### TASK
Copy each of the records exactly; leave nothing out.
━━━━━━━━━━━━━━━━
(* Let $0<\kappa<1$, $\lambda=\sqrt{1-\kappa^2}$, and let $k\in(0,1)$ be defined by $k^2=\frac{1-\lambda}{1+\lambda}$ (so that $\kappa^2=\frac{4k^2}{(1+k^2)^2}$). For $\phi$ near $0$ define $$u(\phi)=\int_0^{\phi} F\!\left(\tfrac14,\tfrac34;\tfrac12;\kappa^2\sin^2\theta\right)\,\mathrm{d}\theta ,$$ let $u\mapsto\phi(u)$ be the local inverse near $0$ with $\phi(0)=0$, and set $s(u)=\sin\phi(u)$. Let $\mathrm{sn},\mathrm{dn}$ be the Jacobian elliptic functions of modulus $k$. Then $$s^2(u)=\mathrm{sn}^2\!\left[(1+k^2)^{-1/2}u\right]\Big\{k^2+\mathrm{dn}^2\!\left[(1+k^2)^{-1/2}u\right]\Big\}.$$
   Context: $F(a,b;c;z)$ denotes the Gauss hypergeometric function ${}_2F_1(a,b;c;z)$. $\mathrm{sn},\mathrm{cn},\mathrm{dn}$ are the standard Jacobian elliptic functions of modulus $k$. The identity holds near $u=0$ (and hence for the meromorphic extension of $s^2$). *)

From Stdlib Require Import Reals Lra ClassicalEpsilon.
From Coquelicot Require Import Coquelicot.
Open Scope R_scope.

Fixpoint poch (a : R) (n : nat) : R :=
  match n with
  | O => 1
  | S m => poch a m * (a + INR m)
  end.

Definition hyp2F1 (a b c z : R) : R :=
  Series (fun n => poch a n * poch b n / (poch c n * INR (Factorial.fact n)) * z ^ n).

Definition EllF (k phi : R) : R :=
  RInt (fun t => / sqrt (1 - k ^ 2 * (sin t) ^ 2)) 0 phi.

(* Jacobi amplitude: the inverse of phi |-> F(phi,k) (a strictly increasing
   bijection R -> R for 0 < k < 1). *)
Definition jam (k u : R) : R :=
  epsilon (inhabits 0) (fun phi => EllF k phi = u).

Definition jsn (k u : R) : R := sin (jam k u).
Definition jdn (k u : R) : R := sqrt (1 - k ^ 2 * (jsn k u) ^ 2).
━━━━━━━━━━━━━━━━
### RESULT OF THE TASK
(* Let $0<\kappa<1$, $\lambda=\sqrt{1-\kappa^2}$, and let $k\in(0,1)$ be defined by $k^2=\frac{1-\lambda}{1+\lambda}$ (so that $\kappa^2=\frac{4k^2}{(1+k^2)^2}$). For $\phi$ near $0$ define $$u(\phi)=\int_0^{\phi} F\!\left(\tfrac14,\tfrac34;\tfrac12;\kappa^2\sin^2\theta\right)\,\mathrm{d}\theta ,$$ let $u\mapsto\phi(u)$ be the local inverse near $0$ with $\phi(0)=0$, and set $s(u)=\sin\phi(u)$. Let $\mathrm{sn},\mathrm{dn}$ be the Jacobian elliptic functions of modulus $k$. Then $$s^2(u)=\mathrm{sn}^2\!\left[(1+k^2)^{-1/2}u\right]\Big\{k^2+\mathrm{dn}^2\!\left[(1+k^2)^{-1/2}u\right]\Big\}.$$
   Context: $F(a,b;c;z)$ denotes the Gauss hypergeometric function ${}_2F_1(a,b;c;z)$. $\mathrm{sn},\mathrm{cn},\mathrm{dn}$ are the standard Jacobian elliptic functions of modulus $k$. The identity holds near $u=0$ (and hence for the meromorphic extension of $s^2$). *)

From Stdlib Require Import Reals Lra ClassicalEpsilon.
From Coquelicot Require Import Coquelicot.
Open Scope R_scope.

Fixpoint poch (a : R) (n : nat) : R :=
  match n with
  | O => 1
  | S m => poch a m * (a + INR m)
  end.

Definition hyp2F1 (a b c z : R) : R :=
  Series (fun n => poch a n * poch b n / (poch c n * INR (Factorial.fact n)) * z ^ n).

Definition EllF (k phi : R) : R :=
  RInt (fun t => / sqrt (1 - k ^ 2 * (sin t) ^ 2)) 0 phi.

(* Jacobi amplitude: the inverse of phi |-> F(phi,k) (a strictly increasing
   bijection R -> R for 0 < k < 1). *)
Definition jam (k u : R) : R :=
  epsilon (inhabits 0) (fun phi => EllF k phi = u).

Definition jsn (k u : R) : R := sin (jam k u).
Definition jdn (k u : R) : R := sqrt (1 - k ^ 2 * (jsn k u) ^ 2).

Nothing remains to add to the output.